Presentation of feedback. A person's ability to absorb feedback is determined, in part, by the style of the presentation. Findings are usually prepared by one individual, or group, for presentation to another group or individual. These findings should be presented in a way that addresses the specific needs and interests of the audience. If the presentation is esoteric or overly technical, the audience will lose interest and may not understand the report. There is evidence (Weiss, 1974) that staff members are more likely to learn from information disseminated through workshops or discussions than through written reports. Many people find written material more difficult to assimilate than information presented orally, particularly when the material is written in professional jargon familiar only to initiates.
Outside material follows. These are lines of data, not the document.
Lemma sum_inv_half (M : nmodType) (F : gT -> M) : odd #|G| ->
  (\sum_(g in G) F g =
     F 1%g + \sum_(g in inv_half) F g + \sum_(g in inv_half) F g^-1%g)%R.
Proof.
move=> oddG; rewrite (bigD1 1) //= -addrA; congr (_ + _)%R.
rewrite (bigID (mem inv_half)) /=; congr (_ + _)%R.
  apply: eq_bigl => g; case Pg: (g \in inv_half); last by rewrite !andbF.
  rewrite (subsetP inv_half_sub) // andbT; apply: contraTneq Pg => ->; exact: inv_half1.
rewrite (reindex_inj invg_inj) /=; apply: eq_bigl => g; rewrite groupV eq_invg1.
case Gg: (g \in G) => /=; last first.
  by apply/esym/negP => /(subsetP inv_half_sub); rewrite Gg.
have [->|ntg] := eqVneq g 1; first by rewrite (negPf inv_half1).
by rewrite -(inv_halfV oddG) ?groupV ?eq_invg1 ?invgK.
Qed.

End OddOrder.

Local Open Scope ring_scope.

Lemma det_1D2_neq0 k (N : 'M[int]_k) : \det (1%:M + N *+ 2) != 0.
Proof.
have mod2 : map_mx (intr : int -> 'Z_2) (1%:M + N *+ 2) = 1%:M.
  have two0 (x : 'Z_2) : x *+ 2 = 0 by rewrite -mulr_natr pchar_Zp // mulr0.
  apply/matrixP => i j; rewrite !mxE rmorphD -mulr2n [X in _ + X]rmorphMn.
  by rewrite two0 addr0 rmorph_nat.
apply: contra_neq (@oner_neq0 'Z_2) => det0.
by rewrite -(det1 _ k) -mod2 det_map_mx det0 rmorph0.
Qed.
(* Suppose the UAV leaves the segment [-D/2, D/2] at some time t0.  By the
   speed constraint it then stays at distance at least e > 0 from the segment
   on a nondegenerate interval [a, b].  Clamping the trajectory onto the
   segment preserves the speed constraint and brings the UAV closer to both
   users at every time; on [a, b] it even multiplies both channel gains by at
   least 1/th > 1.  Moving there the fraction 1 - th of each power towards the
   even split Pbar/2 keeps the power budget and, thanks to the better gains,
   raises every SNR on [a, b] by a fixed m > 0, even where the original power
   vanishes.  Hence both single-user rates and the sum rate grow by the same
   c > 0, so r + c is achievable, contradicting the optimality of r. *)

From HB Require Import structures.
From mathcomp Require Import all_boot all_order all_algebra.
From mathcomp Require Import all_classical all_reals all_analysis.
From mathcomp Require Import lra measurable_realfun.
Import Order.TTheory GRing.Theory Num.Theory.
Import numFieldNormedType.Exports.
Local Open Scope ring_scope.

Section clamp.
Context {R : realType}.
Implicit Types lo hi xk y z e : R.

Definition clamp lo hi y := Num.max lo (Num.min hi y).

Lemma clampP {lo hi} y : lo <= hi ->
  [\/ y <= lo /\ clamp lo hi y = lo, lo <= y <= hi /\ clamp lo hi y = y
    | hi <= y /\ clamp lo hi y = hi].
Proof.
rewrite /clamp => lohi; have [yhi|hiy] := leP y hi; last first.
  by apply: Or33; split; [exact: ltW|exact/max_idPr].
have [loy|ylo] := leP lo y; first by apply: Or32; split => //; apply/andP.
by apply: Or31; split => //; exact: ltW.
Qed.

Lemma clamp_itv {lo hi} y : lo <= hi -> lo <= clamp lo hi y <= hi.
Proof. by move=> lohi; case: (clampP y lohi) => -[+ ->]; lra. Qed.

Lemma clamp_id lo hi y : lo <= y <= hi -> clamp lo hi y = y.
Proof.
move=> yin; have lohi : lo <= hi by lra.
by case: (clampP y lohi) => -[+ ->] //; lra.
Qed.
(* Fix an integer $a\ge 2$ and an integer $k\ge 2$. Let $n\to\infty$ and let $m=m(n)=o\!\left(n^{1+1/k}\right)$. Then all hypergraphs $H\in\mathcal{H}(a,n,m)$, except for $o\!\left(\binom{\binom{n}{a}}{m}\right)$ of them, contain at most $n$ Berge-cycles of length at most $k$.
   Context: $\mathcal{H}(a,n,m)$ is the family of all $a$-uniform hypergraphs on vertex set $[n]$ with exactly $m$ hyperedges; $|\mathcal{H}(a,n,m)|=\binom{\binom{n}{a}}{m}$. A Berge-cycle of length $l\ge 2$ consists of $l$ distinct hyperedges $e_1,\dots,e_l$ and $l$ distinct vertices $v_1,\dots,v_l$ with $v_i\in e_i\cap e_{i+1}$ for $i=1,\dots,l$ (indices modulo $l$). *)

From mathcomp Require Import all_boot.
Set Implicit Arguments. Unset Strict Implicit. Unset Printing Implicit Defensive.

Definition in_Hanm (a n m : nat) (H : {set {set 'I_n}}) : bool :=
  [forall e in H, #|e| == a] && (#|H| == m).

Definition berge_cycle (n l : nat) (H : {set {set 'I_n}})
    (c : (l.-tuple {set 'I_n} * l.-tuple 'I_n)%type) : bool :=
  [&& uniq c.1, uniq c.2, all (fun e => e \in H) c.1 &
      [forall i : 'I_l, (tnth c.2 i \in tnth c.1 i) && (tnth c.2 i \in tnth c.1 (ordS i))]].

(* Number of Berge-cycles of length l in H (counted as pairs of sequences). *)
Definition num_berge (n l : nat) (H : {set {set 'I_n}}) : nat :=
  #|[set c : (l.-tuple {set 'I_n} * l.-tuple 'I_n)%type | berge_cycle H c]|.

Definition num_short_berge (n k : nat) (H : {set {set 'I_n}}) : nat :=
  \sum_(2 <= l < k.+1) num_berge l H.

Definition num_bad (a k n m : nat) : nat :=
  #|[set H : {set {set 'I_n}} | in_Hanm a m H && (n < num_short_berge k H)]|.

From mathcomp Require Import all_boot zify.
Set Implicit Arguments. Unset Strict Implicit. Unset Printing Implicit Defensive.

(* First moment method. Write N = C(n, a). A Berge l-cycle of the complete a-graph is
   determined by its l vertices and the a - 2 other points of each edge, so there are at
   most n^l C(n, a-2)^l of them, and each lies in C(N-l, m-l) <= C(N, m) (m/N)^l of the
   graphs in H(a, n, m). Since C(n, a-2) n^2 <= 4a(a-1) N, the average number of Berge
   l-cycles is at most (4a(a-1) m / n)^l, which is at most n/(dk) for every l <= k as soon
   as it is so for l = 0 and l = k, i.e. when dk <= n and dk (4a(a-1))^k m^k <= n^(k+1).
   Markov's inequality then leaves at most C(N, m)/d graphs with more than n short Berge
   cycles. *)

Local Notation berge_data n l := (l.-tuple {set 'I_n} * l.-tuple 'I_n)%type.

Lemma bin_sub_exp_le (N M l : nat) : l <= M -> M <= N ->
  'C(N - l, M - l) * N ^ l <= 'C(N, M) * M ^ l.
Proof.
move=> + le_MN; elim: l => [|l IHl] lt_lM; first by rewrite !subn0.
have pascal : (N - l) * 'C(N - l.+1, M - l.+1) = (M - l) * 'C(N - l, M - l).
  have e1 : (N - l).-1 = N - l.+1 by lia.
  have e2 : (M - l.+1).+1 = M - l by lia.
  by have := mul_bin_diag (N - l) (M - l.+1); rewrite e1 e2.
have {IHl} := IHl (ltnW lt_lM); move: pascal; rewrite !expnS.
move: 'C(N - l.+1, _) 'C(N - l, _) => C' C pascal IHl.
have step : C' * N <= C * M.
  rewrite -(@leq_pmul2r (M - l)); last lia.
  have : N * (M - l) <= M * (N - l) by nia.
  nia.
nia.
Qed.

Lemma draws_supset_card_le (T : finType) (A S : {set T}) (k : nat) :
  S \subset A ->
  #|[set B : {set T} | [&& B \subset A, S \subset B & #|B| == k]]| * #|A| ^ #|S|
    <= 'C(#|A|, k) * k ^ #|S|.
Proof.
move=> sSA; set F := [set B | _].
have [->|[B0 FB0]] := set_0Vmem F; first by rewrite cards0.
move: FB0; rewrite inE => /and3P[sB0A sSB0 /eqP cardB0].
have le_Sk : #|S| <= k by rewrite -cardB0 subset_leq_card.
have le_kA : k <= #|A| by rewrite -cardB0 subset_leq_card.
apply: leq_trans (bin_sub_exp_le le_Sk le_kA); rewrite leq_mul2r; apply/orP; right.
have diffS_inj : {in F &, injective (fun B => B :\: S)}.
  move=> B1 B2; rewrite !inE => /and3P[_ sSB1 _] /and3P[_ sSB2 _] eqB.
  by rewrite -(setID B1 S) -(setID B2 S) (setIidPr sSB1) (setIidPr sSB2) eqB.
have cardAS : #|A :\: S| = #|A| - #|S| by rewrite cardsD (setIidPr sSA).
rewrite -(card_in_imset diffS_inj) -cardAS -cards_draws.
apply/subset_leq_card/subsetP => _ /imsetP[B /[!inE] /and3P[sBA sSB /eqP <-] ->].
by rewrite setSD //= cardsD (setIidPr sSB).
Qed.

Definition complete_hgraph (a n : nat) : {set {set 'I_n}} := [set e : {set 'I_n} | #|e| == a].

Lemma card_complete_hgraph (a n : nat) : #|complete_hgraph a n| = 'C(n, a).
Proof. by rewrite card_draws card_ord. Qed.

Lemma in_HanmE (a n M : nat) (H : {set {set 'I_n}}) :
  in_Hanm a M H = (H \subset complete_hgraph a n) && (#|H| == M).
Proof.
congr andb; apply/forall_inP/subsetP => sizeH e /sizeH; last by rewrite inE.
by move=> /eqP sz_e; rewrite inE sz_e.
Qed.

Lemma berge_cycle_edgesE (n l : nat) (H H' : {set {set 'I_n}}) (c : berge_data n l) :
  berge_cycle H' c -> berge_cycle H c = ([set e in (c.1 : seq _)] \subset H).
Proof.
case/and4P=> uniq_e uniq_v _ incident; rewrite /berge_cycle uniq_e uniq_v incident andbT.
apply/allP/subsetP => edgesH e; first by rewrite inE => /edgesH.
by move=> ce; apply: edgesH; rewrite inE.
Qed.

Lemma berge_cycleS (n l : nat) (H H' : {set {set 'I_n}}) (c : berge_data n l) :
  H \subset H' -> berge_cycle H c -> berge_cycle H' c.
Proof.
move=> sHH' cycleH; rewrite (berge_cycle_edgesE H' cycleH).
by apply: subset_trans sHH'; rewrite -(berge_cycle_edgesE H cycleH).
Qed.

Lemma ord_pred_neq (l : nat) (i : 'I_l) : 1 < l -> ord_pred i != i.
Proof.
move=> lt1l; apply/eqP => /(congr1 val) /=; case: i => [[|i] lt_il] /=.
  by rewrite add0n modn_small; lia.
by rewrite modnDr modn_small; lia.
Qed.

Lemma card_berge_cycle_complete_le (a n l : nat) : 1 < l ->
  #|[set c : berge_data n l | berge_cycle (complete_hgraph a n) c]|
    <= n ^ l * 'C(n, a - 2) ^ l.
Proof.
move=> lt1l; set G := [set c | _].
pose ends (c : berge_data n l) i := [set tnth c.2 (ord_pred i); tnth c.2 i].
have ends_sub c i : c \in G -> ends c i \subset tnth c.1 i.
  rewrite inE => /and4P[_ _ _ /forallP incident].
  have /andP[v_i _] := incident i; have /andP[_] := incident (ord_pred i).
  by rewrite ord_predK => v_pi; apply/subsetP => x /[!inE] /orP[] /eqP ->.
pose code c := ([ffun i => tnth c.2 i], [ffun i => tnth c.1 i :\: ends c i]).
have code_inj : {in G &, injective code}.
  move=> [e1 v1] [e2 v2] Gc1 Gc2 [/ffunP eq_v /ffunP eq_e].
  have {}eq_v : v1 = v2 by apply: eq_from_tnth => i; have := eq_v i; rewrite !ffunE.
  subst v2; congr pair; apply: eq_from_tnth => i; have := eq_e i; rewrite !ffunE => eq_ei.
  rewrite -(setID (tnth e1 i) (ends (e1, v1) i)) -(setID (tnth e2 i) (ends (e2, v1) i)).
  by rewrite (setIidPr (ends_sub _ i Gc1)) (setIidPr (ends_sub _ i Gc2)) eq_ei.
rewrite -(card_in_imset code_inj).
have -> : n ^ l * 'C(n, a - 2) ^ l =
    #|setX [set: {ffun 'I_l -> 'I_n}]
           [set f : {ffun 'I_l -> {set 'I_n}} | f \in ffun_on (complete_hgraph (a - 2) n)]|.
  by rewrite cardsX cardsT card_ffun cardsE card_ffun_on card_complete_hgraph !card_ord.
apply/subset_leq_card/subsetP => _ /imsetP[c Gc ->].
rewrite !inE /=; apply/ffun_onP => i; rewrite ffunE inE cardsD (setIidPr (ends_sub _ i Gc)).
move: Gc; rewrite inE => /and4P[_ uniq_v /allP sizes _].
have := sizes _ (mem_tnth i c.1); rewrite inE => /eqP ->.
by rewrite cards2 (inj_eq (tuple_uniqP _ uniq_v)) ord_pred_neq.
Qed.

Lemma sum_num_bergeE (n l : nat) (P : pred {set {set 'I_n}}) :
  \sum_(H | P H) num_berge l H =
  \sum_(c : berge_data n l) #|[set H | P H && berge_cycle H c]|.
Proof.
under eq_bigr do rewrite /num_berge -sum1dep_card.
by rewrite (exchange_big_dep xpredT) //=; under eq_bigr do rewrite sum1dep_card.
Qed.

Lemma card_Hanm_berge_le (a n M l : nat) (c : berge_data n l) :
  berge_cycle (complete_hgraph a n) c ->
  #|[set H | in_Hanm a M H && berge_cycle H c]| * 'C(n, a) ^ l <= 'C('C(n, a), M) * M ^ l.
Proof.
move=> cycle_c; set S := [set e in (c.1 : seq _)].
have cardS : #|S| = l.
  by case/and4P: cycle_c => uniq_e _ _ _; rewrite cardsE (card_uniqP uniq_e) size_tuple.
have sSK : S \subset complete_hgraph a n by rewrite -(berge_cycle_edgesE _ cycle_c).
have -> : [set H | in_Hanm a M H && berge_cycle H c] =
    [set H : {set {set 'I_n}} | [&& H \subset complete_hgraph a n, S \subset H & #|H| == M]].
  by apply/setP => H; rewrite !inE in_HanmE (berge_cycle_edgesE _ cycle_c) andbAC andbA.
by rewrite -cardS -card_complete_hgraph draws_supset_card_le.
Qed.

Definition total_num_berge (a n M l : nat) : nat :=
  \sum_(H : {set {set 'I_n}} | in_Hanm a M H) num_berge l H.

Lemma total_num_berge_le (a n M l : nat) :
  total_num_berge a n M l * 'C(n, a) ^ l <=
  #|[set c : berge_data n l | berge_cycle (complete_hgraph a n) c]| * ('C('C(n, a), M) * M ^ l).
Proof.
rewrite /total_num_berge sum_num_bergeE big_distrl -sum_nat_cond_const.
rewrite [X in _ <= X]big_mkcond /=.
apply: leq_sum => c _; case: ifP => [|not_cycle]; first exact: card_Hanm_berge_le.
suff -> : [set H | in_Hanm a M H && berge_cycle H c] = set0 by rewrite cards0.
apply/setP => H; rewrite !inE in_HanmE; apply/negP => /andP[/andP[sHK _] cycleH].
by rewrite (berge_cycleS sHK cycleH) in not_cycle.
Qed.

Lemma bin_subn2_le (n a : nat) : 2 <= a -> 2 * a <= n ->
  'C(n, a - 2) * n ^ 2 <= 4 * (a * (a - 1)) * 'C(n, a).
Proof.
case: a => [|[|b]] // _ le_n; rewrite subn2 subn1 /=.
have pascal1 := mul_bin_left n b; have pascal2 := mul_bin_left n b.+1.
have pascal : 'C(n, b) * ((n - b) * (n - b.+1)) = 'C(n, b.+2) * (b.+2 * b.+1) by nia.
have : n ^ 2 <= 4 * ((n - b) * (n - b.+1)) by nia.
nia.
Qed.

Lemma total_num_berge_exp_le (a n M l : nat) : 2 <= a -> 1 < l -> 2 * a <= n ->
  total_num_berge a n M l * n ^ l
    <= 'C('C(n, a), M) * (4 * (a * (a - 1)) * M) ^ l.
Proof.
move=> le2a lt1l le_n; set S := total_num_berge a n M l.
set N := 'C(n, a); set K := 'C(n, a - 2); set C := 'C(N, M); set A := 4 * (a * (a - 1)).
have count : S * N ^ l <= n ^ l * K ^ l * (C * M ^ l).
  exact: leq_trans (total_num_berge_le a n M l) (leq_mul (card_berge_cycle_complete_le a n lt1l) _).
have ratio : K ^ l * (n ^ l * n ^ l) <= A ^ l * N ^ l.
  by rewrite -!expnMn leq_exp2r ?(ltnW lt1l) // mulnn; apply: bin_subn2_le.
have N_gt0 : 0 < N ^ l * n ^ l by rewrite muln_gt0 !expn_gt0 bin_gt0; lia.
rewrite expnMn -(leq_pmul2r N_gt0).
have := leq_mul count (leqnn (n ^ l * n ^ l)); have := leq_mul ratio (leqnn (n ^ l * C * M ^ l)).
nia.
Qed.

(* Log-convexity in [l]: the hypotheses are the cases [l = 0] and [l = k]. *)
Lemma exp_interpolate (D x n k l : nat) : l <= k -> D <= n ->
  D * x ^ k <= n ^ k.+1 -> D * x ^ l <= n ^ l.+1.
Proof.
case: l => [|l] le_lk le_Dn le_k; first by rewrite muln1 expn1.
have [le_xn | lt_nx] := leqP x n.
  by rewrite (expnS n) leq_mul ?leq_exp2r.
have [-> | D_gt0] := posnP D; first by rewrite mul0n.
have gap : n ^ (k - l.+1) <= x ^ (k - l.+1).
  by case: (posnP (k - l.+1)) => [-> // | kl_gt0]; rewrite leq_exp2r // ltnW.
rewrite -(@leq_pmul2r (n ^ (k - l.+1))) ?expn_gt0 ?(leq_trans D_gt0 le_Dn) //.
rewrite -expnD (_ : l.+2 + _ = k.+1); last lia.
apply: leq_trans le_k; rewrite -mulnA leq_mul //.
by rewrite -{2}(subnKC le_lk) expnD leq_mul.
Qed.

Lemma num_bad_markov (a k n M : nat) :
  num_bad a k n M * n.+1 <= \sum_(2 <= l < k.+1) total_num_berge a n M l.
Proof.
have -> : \sum_(2 <= l < k.+1) total_num_berge a n M l =
    \sum_(H : {set {set 'I_n}} | in_Hanm a M H) num_short_berge k H.
  by rewrite exchange_big.
rewrite /num_bad -sum_nat_cond_const big_mkcondr /=.
by apply: leq_sum => H _; case: ltnP.
Qed.

Lemma num_bad_mul_le (a k n M D : nat) : 2 <= a -> 2 * a <= n -> D <= n ->
  D * (4 * (a * (a - 1)) * M) ^ k <= n ^ k.+1 ->
  num_bad a k n M * D <= k.-1 * 'C('C(n, a), M).
Proof.
move=> le2a le_n le_Dn le_k.
have per_length l : 2 <= l <= k ->
    total_num_berge a n M l * D <= 'C('C(n, a), M) * n.
  case/andP=> le2l le_lk; have n_gt0 : 0 < n ^ l by rewrite expn_gt0; lia.
  rewrite -(leq_pmul2r n_gt0).
  have est := leq_mul (total_num_berge_exp_le M le2a le2l le_n) (leqnn D).
  have := leq_mul (leqnn 'C('C(n, a), M)) (exp_interpolate le_lk le_Dn le_k).
  move: est; rewrite (expnS n).
  move: (total_num_berge _ _ _ _) ('C(_, _)) ((_ * M) ^ l) (n ^ l) => S C X P.
  nia.
have total : (\sum_(2 <= l < k.+1) total_num_berge a n M l) * D
    <= k.-1 * ('C('C(n, a), M) * n).
  rewrite big_distrl /= (_ : k.-1 = k.+1 - 2) -?sum_nat_const_nat; last lia.
  by rewrite big_nat_cond [X in _ <= X]big_nat_cond; apply: leq_sum => l /andP[/per_length].
have := leq_trans (leq_mul (num_bad_markov a k n M) (leqnn D)) total.
move: (num_bad _ _ _ _) ('C(_, _)) => B C.
nia.
Qed.

Theorem lemma14 (a k : nat) (m : nat -> nat) :
  2 <= a -> 2 <= k ->
  (forall d : nat, 0 < d -> exists N : nat, forall n : nat, N <= n ->
     d * (m n) ^ k <= n ^ k.+1) ->
  forall d : nat, 0 < d -> exists N : nat, forall n : nat, N <= n ->
     d * num_bad a k n (m n) <= 'C('C(n, a), m n).
Proof.
move=> le2a le2k m_small d d_gt0; set A := 4 * (a * (a - 1)).
have dkA_gt0 : 0 < d * k * A ^ k by rewrite !muln_gt0 expn_gt0; lia.
have [N m_smallN] := m_small _ dkA_gt0.
exists (N + d * k + 2 * a) => n le_n.
have bound : num_bad a k n (m n) * (d * k) <= k.-1 * 'C('C(n, a), m n).
  apply: num_bad_mul_le => //; [lia | lia |].
  by rewrite expnMn mulnA m_smallN //; lia.
rewrite -(@leq_pmul2l k) ?(ltnW le2k) //.
apply: leq_trans (leq_trans _ bound) (leq_mul (leq_pred k) (leqnn _)).
by rewrite mulnC mulnAC mulnC.
Qed.
Lemma entry_opt_ge (pis : Prof G) pi : opt pis -> ~~ opt pi ->
  explore_prob kap <= rsum (fun pi' => if opt pi' then A lam gam kap h pi pi' else 0).
Proof.
move=> opt_pis /negbTE nopt_pi; have := A_ge_explore pi pis; rewrite nopt_pi => entry.
apply: Rle_trans entry _.
have := rsum_ge_term (fun pi' => if opt pi' then A lam gam kap h pi pi' else 0) pis.
by rewrite opt_pis; apply=> pi'; case: (opt pi'); [apply: A_ge0 | lra].
Qed.

Lemma stationary_mass_opt_ge (pis : Prof G) mus : opt pis ->
  stationary (A lam gam kap h) mus -> explore_prob kap * (1 - mass_opt mus) <= rsum gam.
Proof.
move=> opt_pis [mus_pmf mus_fixed].
have := stationary_mass_outside_le _ (@opt G) (rsum gam) (explore_prob kap) rsum_A
  (rsum_ge0 _ (fun i => Rlt_le _ _ (proj1 (gam01 i)))) exit_opt_le
  (fun pi => entry_opt_ge pis pi opt_pis) mus mus_pmf mus_fixed.
have := proj2 mus_pmf; rewrite (rsumID (@opt G) mus) /mass_opt.
set q := rsum (fun pi => if opt pi then 0 else mus pi).
by set p := rsum _ => pq; rewrite -pq; lra.
Qed.

End Transitions.
End Policies.

Theorem lemma2 (G : game) (HG : valid_game G) (HCI : common_interest G) :
  (forall (lam gam kap : 'I_(nP G) -> R)
          (h : forall i, Pol i -> {set Pol i} -> Pol i -> R),
     (forall i, (0 <= lam i <= 1)) ->
     (forall i, (0 < gam i < 1)) ->
     (forall i, (0 < kap i < 1)) ->
     (forall i, kernel (h i)) ->
     exists mus : Prof G -> R,
       stationary (A lam gam kap h) mus /\
       (forall nu, stationary (A lam gam kap h) nu -> forall pi, nu pi = mus pi) /\
       (forall mu0, distr mu0 -> forall pi,
          Un_cv (fun n => iterA (A lam gam kap h) mu0 n pi) (mus pi))) /\
  (forall (eps : R) (kap : 'I_(nP G) -> R),
     (0 < eps < 1) ->
     (forall i, (0 < kap i < 1)) ->
     exists gbar : R, (0 < gbar) /\
       forall (lam gam : 'I_(nP G) -> R)
              (h : forall i, Pol i -> {set Pol i} -> Pol i -> R),
         (forall i, (0 <= lam i <= 1)) ->
         (forall i, (0 < gam i < gbar)) ->
         (forall i, kernel (h i)) ->
         forall mus, stationary (A lam gam kap h) mus ->
           (1 - eps / 2 <= mass_opt mus)).
Proof.
have [[pis opt_pis] _] := HCI.
split.
  move=> lam gam kap h lam01 gam01 kap01 h_kernel.
  have explore_gt0 : 0 < explore_prob G (fun i => Rmin (gam i) (kap i)).
    by apply: explore_prob_gt0 => // i; apply: Rmin_glb_lt; [case: (gam01 i) | case: (kap01 i)].
  have [w [w_pmf [w_fixed [w_unique cvg_w]]]] :=
    doeblin _ _ pis explore_gt0 (A_ge_explore_min _ HG _ _ _ _ lam01 gam01 kap01 h_kernel)
      (rsum_A _ HG _ _ _ _ h_kernel).
  exists w; split; first by split.
  split; first by move=> nu [nu_pmf nu_fixed]; apply: w_unique.
  by move=> mu0 mu0_pmf pi; apply: Un_cv_ext (cvg_w mu0 mu0_pmf pi) => n; rewrite iterA_iter.
move=> eps kap [eps0 _] kap01.
set c := explore_prob G kap.
have c_gt0 : 0 < c by apply: explore_prob_gt0 => // i; case: (kap01 i).
have eps_c_gt0 : 0 < c * eps / 2 by nra.
set gam_bound := c * eps / 2 / (INR #|'I_(nP G)| + 1).
exists (Rmin gam_bound 1); split.
  apply: Rmin_glb_lt; last lra.
  by apply: Rdiv_lt_0_compat => //; have := pos_INR #|'I_(nP G)|; lra.
move=> lam gam h lam01 gam_lt h_kernel mus mus_stat.
have gam_le i : 0 < gam i <= gam_bound /\ gam i < 1.
  by have := gam_lt i; have := Rmin_l gam_bound 1; have := Rmin_r gam_bound 1; lra.
have gam01 i : 0 < gam i < 1 by have := gam_le i; lra.
have rsum_gam : rsum gam <= c * eps / 2.
  by apply: rsum_le_of_le_div_card eps_c_gt0 _ => i; case: (gam_le i) => -[].
have := stationary_mass_opt_ge _ HG _ _ _ _ lam01 gam01 kap01 h_kernel pis mus opt_pis mus_stat.
by rewrite -/c; nra.
Qed.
If the information is to be integrated, it should be presented in a manner that will make it easily understood. Visual displays and charts can be useful to supplement the narrative. Relevance. The information must not only be readable and understandable, but must also be relevant to the audience. Different individuals within an organization are interested in different types of feedback. A policy maker will be interested in feedback on whether to expand, contract, or change the program, whereas a program manager may want to know about methods, structure, technique, and staff patterns. It is useful to present written feedback in a separate report to each unique group, rather than to rely on a single, unwieldy report that discusses all the findings. Short summary statements of data, selected to answer particular questions relevant to specific groups, are more likely to be read and attended to.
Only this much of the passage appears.